As the UK marks the start of National Apprenticeship Week today (6th February), research conducted by the Association of Accounting Technicians (AAT) found a 40% rise in people starting entry level apprenticeships so far in the 2022-23 financial year.
AAT’s research found that participating in an apprenticeship has had a positive impact on people’s careers with nearly 4 in 5 (83%) of apprentices surveyed reporting they would recommend doing an apprenticeship to others. Additionally, three-quarters (71%) of people who have studied or are currently studying an apprenticeship say the experience has enabled them to pursue their dream career. The main benefits apprentices stated were the ability of earning whilst learning (46%), as well as gaining real world experience (38%).
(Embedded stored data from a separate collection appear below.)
(* Write a_i and b_i for the weights of a point x of |M_2(WC)| on the cycle
   edge {i, i+1} and on the whisker at i (indices modulo the cycle length N).
   A set of edges is a 2-matching iff it never contains the three edges at a
   cycle vertex j+1: cycle edges j, j+1 and the whisker at j+1.  The vector
   y_i = a_i - b_i - min(a_{i+1}, b_{i+1}) vanishes nowhere on |M_2(WC)|, so
   f x = y / |y|_2 lands in S^(N-1).  Conversely g z puts weight z_i^+ on
   cycle edge i and z_i^- on whisker i, normalised in l^1, and f (g z) = z.
   The signs of y are compatible with the 2-matching condition: adding to the
   support of x the cycle edges where y > 0 and the whiskers where y < 0 still
   gives a 2-matching.  It contains the support of every point of the segment
   from g (f x) to x, so the segment stays in |M_2(WC)| and g o f is
   homotopic to the identity. *)

Lemma card_sep_uniq {T : finType} {F : {set T}} {P : pred T} {s : seq T} :
  uniq s -> (forall e, e \in F -> P e = (e \in s)) ->
  #|[set e in F | P e]| = count (mem F) s.
Proof.
move=> s_uniq PE.
have -> : [set e in F | P e] = [set e in [seq e <- s | e \in F]].
  apply/setP => e; rewrite !inE mem_filter.
  by case eF: (e \in F); rewrite //= PE.
by rewrite cardsE (card_uniqP (filter_uniq _ s_uniq)) size_filter.
Qed.

Lemma sum_indicator_mul (R : pzSemiRingType) (T : finType) (t : T) (c : R) :
  (\sum_(e : T) (e == t)%:R * c = c)%R.
Proof.
rewrite (bigD1 t) //= eqxx mul1r big1 ?addr0 // => e /negbTE ->.
by rewrite mul0r.
Qed.

Section WhiskeredCycle.
Context {n : nat} (n_gt1 : (1 < n)%N).
Local Notation N := n.+1.
Local Notation V := ('I_N + 'I_N)%type.
Local Notation WC := (whisker_adj _ (cycle_adj N)).

Lemma nat_of_ordS (j : 'I_N) :
  ordS j = (if j == n :> nat then 0 else j.+1)%N :> nat.
Proof.
case: j => j /= lt_jN; case: eqP => [->|ne]; first exact: modnn.
by rewrite modn_small; lia.
Qed.

Lemma ordS_neq (j : 'I_N) : ordS j != j.
Proof.
apply/eqP => /(congr1 (@nat_of_ord _)); rewrite nat_of_ordS.
by case: eqP => j_n Sj_j; lia.
Qed.

Lemma ordS2_neq (j : 'I_N) : ordS (ordS j) != j.
Proof.
apply/eqP => /(congr1 (@nat_of_ord _)); rewrite !nat_of_ordS.
by case: (j =P n :> nat) => j_n; case: eqP => Sj_n SSj_j; lia.
Qed.

Lemma inl_eq_inr (i j : 'I_N) : (inl i == inr j :> V) = false.
Proof. by []. Qed.

Definition cycle_edge (j : 'I_N) : {set V} := [set inl j; inl (ordS j)].
Definition whisker_edge (j : 'I_N) : {set V} := [set inl j; inr j].

Lemma cycle_edge_inj : injective cycle_edge.
Proof.
move=> j k /setP ejk.
have := ejk (inl j); rewrite !inE !(inj_eq inl_inj) eqxx.
case/esym/orP => [/eqP //|/eqP jE].
have := ejk (inl (ordS j)); rewrite !inE !(inj_eq inl_inj) eqxx orbT.
case/esym/orP => [/eqP SjE|/eqP/ordS_inj //].
by have := ordS2_neq k; rewrite -jE SjE eqxx.
Qed.

Lemma whisker_edge_inj : injective whisker_edge.
Proof.
move=> j k /setP/(_ (inr j)).
by rewrite !inE /= !(inj_eq inr_inj) eqxx => /esym/eqP.
Qed.

Lemma cycle_edge_neq_whisker (j k : 'I_N) : cycle_edge j != whisker_edge k.
Proof. by apply/eqP => /setP/(_ (inr k)); rewrite !inE eqxx orbT. Qed.

Lemma cycle_adjE (i j : 'I_N) : cycle_adj N i j = (j == ordS i) || (i == ordS j).
Proof. by []. Qed.
Lemma Ric_string_sp nu rho tau sigma : (nu < 5)%nat -> (rho < 5)%nat ->
  Ric r0 nu rho (Xemb r0 s tau sigma) = sval (ric_sp r0 s nu rho).
Proof.
  intros. unfold Ric; cbv beta delta [ric_sp]. sval_push. sum_congr.
  rewrite Riem_string_sp; auto.
Qed.

Lemma ChrL_string_sp al be ga tau sigma : (be < 5)%nat -> (ga < 5)%nat ->
  ChrL r0 al be ga (Xemb r0 s tau sigma) = sval (chrL_sp r0 s al be ga).
Proof.
  intros. unfold ChrL; cbv beta delta [chrL_sp]. sval_push. sum_congr.
  rewrite gmet_string_sp, Chr_string_sp; auto.
Qed.

Lemma dX_string_sp a mu tau sigma : dX r0 s a mu tau sigma = sval (tangent_sp r0 s a mu).
Proof.
  unfold dX, wpd, Xemb. destruct a as [|a]; cbn [Nat.eqb];
    destruct mu as [|[|[|[|[|mu]]]]]; simpl sval; apply is_derive_unique; auto_derive; auto;
    try ring; try (field; apply sqrt2_neq_0).
Qed.

Lemma nframe_string_sp A mu tau sigma : nframe r0 s A mu tau sigma = sval (frame_sp r0 s A mu).
Proof. destruct A as [|[|[|A]]]; destruct mu as [|[|[|[|[|mu]]]]]; reflexivity. Qed.

Lemma Gind_const a b tau sigma : Gind r0 s a b tau sigma = Gind r0 s a b 0 0.
Proof. unfold Gind. sum_congr. rewrite !dX_string_sp. reflexivity. Qed.

Lemma wChr_string_eq0 c a b tau sigma : wChr r0 s c a b tau sigma = 0.
Proof.
  unfold wChr. rewrite (sumR_ext _ _ (fun _ => 0)); [rewrite sumR_0; ring|].
  intros d _. rewrite !(wpd_const _ (Gind r0 s _ _ 0 0)) by (intros; apply Gind_const). ring.
Qed.

Lemma Kff_string_sp mu a b tau sigma : (mu < 5)%nat ->
  Kff r0 s mu a b tau sigma = sval (K_sp r0 s mu a b).
Proof.
  intros. unfold Kff; cbv beta delta [K_sp].
  rewrite (wpd_const _ (sval (tangent_sp r0 s b mu))) by (intros; apply dX_string_sp).
  rewrite (sumR_ext 2 _ (fun _ => 0)) by (intros; rewrite wChr_string_eq0; ring).
  rewrite sumR_0, Rminus_0_r, Rplus_0_l. sval_push. sum_congr.
  rewrite Chr_string_sp, !dX_string_sp; auto.
Qed.

Lemma KA_string_sp A a b tau sigma : KA r0 s A a b tau sigma = sval (KA_sp r0 s A a b).
Proof.
  unfold KA; cbv beta delta [KA_sp]. sval_push. sum_congr.
  rewrite gmet_string_sp, nframe_string_sp, Kff_string_sp; auto.
Qed.

Lemma ncon_string_sp A B a tau sigma : ncon r0 s A B a tau sigma = sval (ncon_sp r0 s A B a).
Proof.
  unfold ncon; cbv beta delta [ncon_sp].
  rewrite (sumR_ext 5 _ (fun _ => 0)), sumR_0, Rplus_0_l.
  - sval_push. sum_congr. rewrite ChrL_string_sp, !nframe_string_sp, dX_string_sp; auto.
  - intros. rewrite (sumR_ext 5 _ (fun _ => 0)); [apply sumR_0|]. intros.
    rewrite (wpd_const _ (nframe r0 s B _ 0 0)) by reflexivity. ring.
Qed.

Lemma riem_term_string_sp A B tau sigma :
  sumR 3 (fun C => sumR 5 (fun al => sumR 5 (fun be => sumR 5 (fun ga => sumR 5 (fun de =>
    RiemL r0 al be ga de (Xemb r0 s tau sigma) * nframe r0 s A al tau sigma
    * nframe r0 s C be tau sigma * nframe r0 s B ga tau sigma * nframe r0 s C de tau sigma)))))
  = sval (riem_term_sp r0 s A B).
Proof.
  cbv beta delta [riem_term_sp]. sval_push. sum_congr.
  rewrite RiemL_string_sp, !nframe_string_sp; auto. ring.
Qed.

End Worldsheet.

Definition Ginv_tab (r0 s : R) (a b : nat) : R :=
  match a, b with
  | 0%nat, 0%nat => - (4 / (r0 ^ 2 * (s ^ 2 - 2)))
  | 1%nat, 1%nat => - (2 / (s ^ 2 * r0 ^ 2 * (s ^ 2 - 2)))
  | _, _ => 2 / (r0 ^ 2 * (s ^ 2 - 2))
  end.

Definition Gind_tab (r0 s : R) (a b : nat) : R :=
  match a, b with
  | 0%nat, 0%nat => r0 ^ 2 / 2
  | 1%nat, 1%nat => (s * r0) ^ 2
  | _, _ => (s * r0) ^ 2 / 2
  end.

Definition KA_tab (r0 s : R) (A a b : nat) : R :=
  match A, a, b with
  | 0%nat, 0%nat, 0%nat => - (r0 * sqrt (s ^ 2 - 1) * (s ^ 2 - 1) / (2 * s ^ 2))
  | 0%nat, 1%nat, 1%nat => - (r0 * sqrt (s ^ 2 - 1))
  | 0%nat, _, _ => - (r0 * sqrt (s ^ 2 - 1) / 2)
  | 1%nat, 1%nat, 1%nat => 0
  | 1%nat, _, _ => s * r0 / 2
  | _, _, _ => 0
  end.

Definition conn_a (s : R) : R := sqrt (s ^ 2 - 2) / (sqrt 2 * s).
Definition conn_b (s : R) : R := sqrt (s ^ 2 - 1) / (sqrt 2 * sqrt (s ^ 2 - 2)).

Definition ncon_tab (s : R) (A B a : nat) : R :=
  match A, B, a with
  | 0%nat, 2%nat, 0%nat => - conn_a s
  | 2%nat, 0%nat, 0%nat => conn_a s
  | 1%nat, 2%nat, 0%nat => conn_b s
  | 2%nat, 1%nat, 0%nat => - conn_b s
  | 1%nat, 2%nat, 1%nat => 2 * conn_b s
  | 2%nat, 1%nat, 1%nat => - (2 * conn_b s)
  | _, _, _ => 0
  end.

Definition Pot_tab (r0 s : R) (A B : nat) : R :=
  match A, B with
  | 0%nat, 0%nat => 2 / (r0 ^ 2 * (s ^ 2 - 2))
  | 1%nat, 1%nat => - (2 * (s ^ 2 + 1) / (s ^ 2 * r0 ^ 2 * (s ^ 2 - 2)))
  | 2%nat, 2%nat => 2 / (s ^ 2 * r0 ^ 2 * (s ^ 2 - 2))
  | _, _ => 0
  end.

Section Values.
Variables r0 s : R.
Hypothesis hr0 : 0 < r0.
Hypothesis hs1 : 1 < s.
Hypothesis hs2 : 2 < s ^ 2.

(* The frame involves √2, √(s²-1) and √(s²-2); after clearing denominators,
   their even powers are replaced by the radicands. *)
Ltac field_sqrt :=
  rewrite ?(sqrt_mult (s ^ 2 - 2) (s ^ 2 - 1)), ?(sqrt_mult 2 (s ^ 2 - 1)) by lra;
  let h2 := fresh in let h1 := fresh in let h0 := fresh in
  assert (h2 : sqrt 2 * sqrt 2 = 2) by (apply sqrt_sqrt; lra);
  assert (h1 : sqrt (s ^ 2 - 1) * sqrt (s ^ 2 - 1) = s ^ 2 - 1) by (apply sqrt_sqrt; lra);
  assert (h0 : sqrt (s ^ 2 - 2) * sqrt (s ^ 2 - 2) = s ^ 2 - 2) by (apply sqrt_sqrt; lra);
  assert (sqrt 2 <> 0) by (apply Rgt_not_eq, sqrt_lt_R0; lra);
  assert (sqrt (s ^ 2 - 1) <> 0) by (apply Rgt_not_eq, sqrt_lt_R0; lra);
  assert (sqrt (s ^ 2 - 2) <> 0) by (apply Rgt_not_eq, sqrt_lt_R0; lra);
  field_simplify_eq;
  [ repeat rewrite (pow_reduce_sqr (sqrt 2) _ _ h2);
    repeat rewrite (pow_reduce_sqr (sqrt (s ^ 2 - 1)) _ _ h1);
    repeat rewrite (pow_reduce_sqr (sqrt (s ^ 2 - 2)) _ _ h0); ring
  | neq0 ].

Lemma lapse_string : 1 - r0 ^ 2 / (s * r0) ^ 2 = (s ^ 2 - 1) / s ^ 2.
Proof. field. split; lra. Qed.

Ltac eval_sparse :=
  lazy [riem_term_sp ncon_sp KA_sp K_sp ric_sp riem_sp riemL_sp chrL_sp met_sp frame_sp tangent_sp
        chr_sp dchr_sp ssum sadd smul sopp ssub sval fold_right map seq Nat.eqb];
  cbv [gcomp]; rewrite ?lapse_string, ?sin_PI4_sq, ?cos_PI4_sq.

Lemma Gind_string a b tau sigma : (a < 2)%nat -> (b < 2)%nat ->
  Gind r0 s a b tau sigma = Gind_tab r0 s a b.
Proof.
  intros. unfold Gind. rewrite (sumR_ext 5 _ (fun mu => sumR 5 (fun nu =>
    sval (met_sp r0 s mu nu) * sval (tangent_sp r0 s a mu) * sval (tangent_sp r0 s b nu)))).
  2: { intros. sum_congr. rewrite gmet_string_sp, !dX_string_sp. reflexivity. }
  destruct a as [|[|a]]; try lia; destruct b as [|[|b]]; try lia;
    cbv [sumR Gind_tab]; eval_sparse; field_sqrt.
Qed.

Lemma Gdet_string tau sigma : Gdet r0 s tau sigma = - (s ^ 2 * r0 ^ 4 * (s ^ 2 - 2) / 4).
Proof. unfold Gdet. rewrite !Gind_string by lia. cbv [Gind_tab]. field. Qed.

Lemma Ginv_string a b tau sigma : (a < 2)%nat -> (b < 2)%nat ->
  Ginv r0 s a b tau sigma = Ginv_tab r0 s a b.
Proof.
  intros. unfold Ginv. rewrite Gdet_string, !Gind_string by lia.
  destruct a as [|[|a]]; try lia; destruct b as [|[|b]]; try lia;
    cbv [Gind_tab Ginv_tab]; field; neq0.
Qed.

Lemma Ric_string_eq0 nu rho tau sigma : (nu < 5)%nat -> (rho < 5)%nat ->
  Ric r0 nu rho (Xemb r0 s tau sigma) = 0.
Proof.
  intros. rewrite Ric_string_sp by auto.
  destruct nu as [|[|[|[|[|nu]]]]]; try lia; destruct rho as [|[|[|[|[|rho]]]]]; try lia;
    eval_sparse; first [reflexivity | field; neq0].
Qed.

Lemma KA_string A a b tau sigma : (A < 3)%nat -> (a < 2)%nat -> (b < 2)%nat ->
  KA r0 s A a b tau sigma = KA_tab r0 s A a b.
Proof.
  intros. rewrite KA_string_sp by lra.
  destruct A as [|[|[|A]]]; try lia; destruct a as [|[|a]]; try lia; destruct b as [|[|b]]; try lia;
    cbv [KA_tab]; eval_sparse; first [reflexivity | field_sqrt].
Qed.
Section NFBHF.
Context {A : V -> V -> Prop} {B C : V -> V} {mu beta rho eps1 eps2 t : R}.
Context {g L : nat -> R} {M : nat -> V -> V} {xs : V} {x y u : nat -> V}.
Hypotheses (HBmon : monotone_op ip B) (HBlip : lipschitz_wrt ip S Sinv mu B).
Hypotheses (Hbeta : 0 < beta) (HC : cocoercive_wrt ip Sinv beta C).
Hypotheses (Hg : forall k, 0 < g k) (HL0 : forall k, 0 <= L k).
Hypothesis HM : forall k, lipschitz_wrt ip S Sinv (L k) (fun x => g k *: M k x - S x).
Hypotheses (Hrho : 0 < rho) (HAs : strongly_monotone_wrt ip S rho A).
Hypothesis Hxs : A xs (- (B xs + C xs)).
Hypotheses (Heps1 : 0 < eps1) (Heps2 : 0 < eps2) (Ht : 0 < t).
Hypothesis Hcond : forall k : nat, (1 <= k)%N ->
     let kappa := 1 - L k.-1 - L k - 2 * g k * L k * mu - g k ^+ 2 * mu ^+ 2
                  - g k * beta / 2 in
     let nu := 2 * g k ^+ 2 * rho * mu ^+ 2 * (g k - 1 / eps1) in
     [/\ g k < 1 / eps1,
         t * (1 + L k / eps2) <= 2 * g k * rho * (1 - g k * eps1) &
         t * L k * (eps2 + 1) <= kappa + nu].
Hypothesis Hy : forall k, A (y k) (M k (x k) - (B (x k) + C (x k)) + (g k)^-1 *: u k
                                 - M k (y k)).
Hypothesis Hx : forall k, x k.+1 = y k - g k *: Sinv (B (y k)) + g k *: Sinv (B (x k)).
Hypothesis Hu : forall k,
  u k.+1 = (g k *: M k (y k) - S (y k)) - (g k *: M k (x k) - S (x k)).

Definition lyap k := normS (x k - xs) ^+ 2 + 2 * ⟨u k, x k - xs⟩
                     + L k.-1 * normS (y k.-1 - x k.-1) ^+ 2.

Lemma u_succ_le k : normSi (u k.+1) <= L k * normS (y k - x k).
Proof. by have := HM k (y k) (x k); rewrite /= -Hu. Qed.

Lemma x_succB k z : x k.+1 - z = (y k - z) - g k *: Sinv (B (y k) - B (x k)).
Proof.
by rewrite Hx SinvB scalerBr opprB addrA [LHS]addrAC (addrAC (y k)) addrAC.
Qed.
(* Within a gap no pole separates two points, so each term c_k/(s_k - lam) increases. *)
Lemma sec_fun_increasing_in_gap j x y : (j < m)%nat ->
  in_gap m s j x -> in_gap m s j y -> x < y -> sec_fun m s c x < sec_fun m s c y.
Proof.
  intros Hj Hx Hy Hxy. unfold sec_fun. apply Rplus_lt_compat_l, sumR_lt; [lia|].
  intros k Hk.
  destruct (gap_separates m s Hs j x Hj Hx) as [Hxl _].
  destruct (gap_separates m s Hs j y Hj Hy) as [_ Hyr].
  assert (Hsign : 0 < (s k - x) * (s k - y)).
  { destruct (Nat.le_gt_cases k j).
    - specialize (Hxl k ltac:(lia)). nra.
    - specialize (Hyr k ltac:(lia)). nra. }
  assert (Hck := Hc k Hk).
  assert (c k / (s k - y) - c k / (s k - x) = c k * (y - x) / ((s k - x) * (s k - y))).
  { field. split; intro H0; rewrite H0 in Hsign; lra. }
  assert (0 < c k * (y - x) / ((s k - x) * (s k - y))).
  { apply Rdiv_lt_0_compat; [apply Rmult_lt_0_compat; lra|exact Hsign]. }
  lra.
Qed.

Lemma sec_fun_root_unique_in_gap j x y : (j < m)%nat ->
  in_gap m s j x -> in_gap m s j y -> sec_fun m s c x = 0 -> sec_fun m s c y = 0 -> x = y.
Proof.
  intros Hj Hx Hy Hx0 Hy0.
  destruct (Rtotal_order x y) as [Hxy|[Hxy|Hxy]]; [|exact Hxy|].
  - assert (H := sec_fun_increasing_in_gap j x y Hj Hx Hy Hxy). lra.
  - assert (H := sec_fun_increasing_in_gap j y x Hj Hy Hx Hxy). lra.
Qed.

(* Left of all poles every term is positive. *)
Lemma sec_fun_pos_left x : x < s 0%nat -> 0 < sec_fun m s c x.
Proof.
  intros Hx. unfold sec_fun.
  assert (0 <= sumR m (fun j => c j / (s j - x))); [|lra].
  apply sumR_nonneg. intros j Hj.
  assert (s 0%nat <= s j) by (apply (increasing_le m); auto; lia).
  left. apply Rdiv_lt_0_compat; [auto|lra].
Qed.

Lemma sec_fun_roots : exists mu,
  (forall j, (j < m)%nat -> in_gap m s j (mu j)) /\
  (forall lam, (forall k, (k < m)%nat -> lam <> s k) ->
     sec_fun m s c lam = 0 <-> exists j, (j < m)%nat /\ lam = mu j).
Proof.
  destruct (functional_choice
    (fun j z => (j < m)%nat -> in_gap m s j z /\ sec_fun m s c z = 0)) as [mu Hmu].
  { intros j. destruct (Nat.lt_ge_cases j m) as [Hj|Hj].
    - destruct (sec_fun_root_in_gap j Hj) as [z Hz]. exists z. intros _. exact Hz.
    - exists 0. intros; lia. }
  exists mu. split; [intros j Hj; apply Hmu, Hj|].
  intros lam Hlam. split.
  - intros H0.
    destruct (Rlt_or_le lam (s 0%nat)) as [Hleft|Hright].
    { assert (0 < sec_fun m s c lam) by (apply sec_fun_pos_left; exact Hleft). lra. }
    destruct (Nat.eq_dec m 0) as [Hm|Hm].
    { unfold sec_fun in H0. rewrite Hm in H0. simpl in H0. lra. }
    assert (lam <> s 0%nat) by (apply Hlam; lia).
    destruct (locate_gap m s lam) as [j [Hj Hgap]]; [lia|lra|exact Hlam|].
    exists j. split; [exact Hj|].
    destruct (Hmu j Hj) as [Hgap' Hroot].
    exact (sec_fun_root_unique_in_gap j lam (mu j) Hj Hgap Hgap' H0 Hroot).
  - intros [j [Hj ->]]. apply Hmu, Hj.
Qed.
(* Let $\{\mathcal{A}_i\}_{i\in I}$ be $*$-subalgebras of a noncommutative probability space $(\mathcal{A},\phi)$ which are $m$-monotone w.r.t. $\phi$, with $m$-monotone family of units $\{1_i\}$. Then $$\phi(a_1\cdots a_{j-1}1_{i_j}a_{j+1}\cdots a_n)=\phi(a_1\cdots a_{j-1}a_{j+1}\cdots a_n)$$ whenever $j\in\{1,\dots,r\}$ and $i_1\ne\cdots\ne i_m<i_{m+1}<\cdots<i_r>i_{r+1}$, where $a_k\in\mathcal{A}_{i_k}$ (arbitrary, not necessarily centered) for $k\ne j$.
   Context: $(\mathcal{A},\phi)$: unital $*$-algebra with a state; $I$ linearly ordered. $\{1_i\}_{i\in I}$, $1_i\in\mathcal{A}_i$ projections that are units of $\mathcal{A}_i$, is an $m$-monotone family of units w.r.t. $\phi$ if $\phi(1_i)=1$ and for all $n$, $1\le j\le n$, indices $i_1,\dots,i_n$, $a_k\in\mathcal{A}_{i_k}\cap\mathrm{Ker}\,\phi$ ($k<j$), $a_k\in\mathcal{A}_{i_k}$ ($k>j$): $\phi(a_1\cdots a_{j-1}1_{i_j}a_{j+1}\cdots a_n)=\phi(a_1\cdots a_{j-1}a_{j+1}\cdots a_n)$ if $j\le m$ or $m<j\le r$ for some $r$ with $i_1\ne\cdots\ne i_m<i_{m+1}<\cdots<i_r>i_{r+1}$, and $=0$ otherwise. $\{\mathcal{A}_i\}$ are $m$-monotone w.r.t. $\phi$ if such a family exists and $\phi(a_1\cdots a_n)=0$ whenever $a_k\in\mathcal{A}_{i_k}\cap\mathrm{Ker}\,\phi$ and $i_1\ne i_2\ne\cdots\ne i_n$. *)

From HB Require Import structures.
From mathcomp Require Import all_boot all_order all_algebra.
From mathcomp Require Import complex.
From mathcomp Require Import reals.
Set Implicit Arguments. Unset Strict Implicit. Unset Printing Implicit Defensive.
Import Order.TTheory GRing.Theory Num.Theory.
Local Open Scope ring_scope.

(* Scalars: a numeric closed field C (instantiated with C = R[i], R : realType,
   i.e. the complex numbers, in the statement).  Num.conj is complex conjugation. *)

Section Defs.
Variable C : numClosedFieldType.
Variable A : algType C.

Record is_star_algebra (star : A -> A) : Prop := {
  star_invol : forall a, star (star a) = a;
  star_add : forall a b, star (a + b) = star a + star b;
  star_scale : forall (c : C) a, star (c *: a) = Num.conj c *: star a;
  star_mul : forall a b, star (a * b) = star b * star a
}.

Record is_state (star : A -> A) (phi : A -> C) : Prop := {
  state_add : forall a b, phi (a + b) = phi a + phi b;
  state_scale : forall (c : C) a, phi (c *: a) = c * phi a;
  state_unit : phi 1 = 1;
  state_pos : forall a, 0 <= phi (star a * a)
}.

(* S is a *-subalgebra (not necessarily containing the unit of A). *)
Record is_star_subalgebra (star : A -> A) (S : {pred A}) : Prop := {
  sub0 : 0 \in S;
  subD : forall a b, a \in S -> b \in S -> a + b \in S;
  subZ : forall (c : C) a, a \in S -> c *: a \in S;
  subM : forall a b, a \in S -> b \in S -> a * b \in S;
  subS : forall a, a \in S -> star a \in S
}.

Definition word (a : nat -> A) (n : nat) : A := \prod_(1 <= k < n.+1) a k.

Definition word_at (a : nat -> A) (n j : nat) (u : A) : A :=
  \prod_(1 <= k < n.+1) (if k == j then u else a k).

Definition word_omit (a : nat -> A) (n j : nat) : A :=
  \prod_(1 <= k < n.+1 | k != j) a k.
End Defs.

Section Indices.
Variables (d : Order.disp_t) (I : orderType d).

Definition alternating (idx : nat -> I) (n : nat) : Prop :=
  forall k, (1 <= k)%N -> (k < n)%N -> idx k != idx k.+1.

Definition mpattern (idx : nat -> I) (m r n : nat) : Prop :=
  [/\ forall k, (1 <= k)%N -> (k < m)%N -> idx k != idx k.+1,
      forall k, (1 <= k)%N -> (m <= k)%N -> (k < r)%N -> (idx k < idx k.+1)%O
    & (r < n)%N -> (idx r.+1 < idx r)%O].
End Indices.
The research found that 2 in 5 (40%) of UK adults believe that school leavers should concentrate on combining learning with being paid as their main priority this year, followed by further education (22%), paid work (20%) and taking time out (7%). Moreso, over half (51%) of over 55s believe that learning whilst earning is important.
It appears the training-on-the-job schemes are not just for young people, with over a quarter of people (27%) who started an apprenticeship after the age of 25 did so to change career into a new industry, while 4 in 5 (80%) between the age of 25-34 felt that an apprenticeship catered for their learning needs better than full-time education.
AAT business development manager Anthony Clarke said: “It’s great to see more people embracing apprenticeships as a bridge between education and the working world. With the information we all have at our finger tips, there are more options than ever and by evaluating them, everyone can choose what is right for them – for a lot of people it’s going to be the ability to earn and learn at the same time with an apprenticeship.
“Research shows that going to university is getting more expensive all the time, and students on average will lose almost £50,000 between tuition and maintenance costs – while they could make almost £50,000 with three years on an entry level accounting apprenticeship.
“By helping to retrain and offer qualifications to work in new sectors, apprentices can also be seen as the answers for businesses to innovate and grow their own talent, so it benefits both parties.”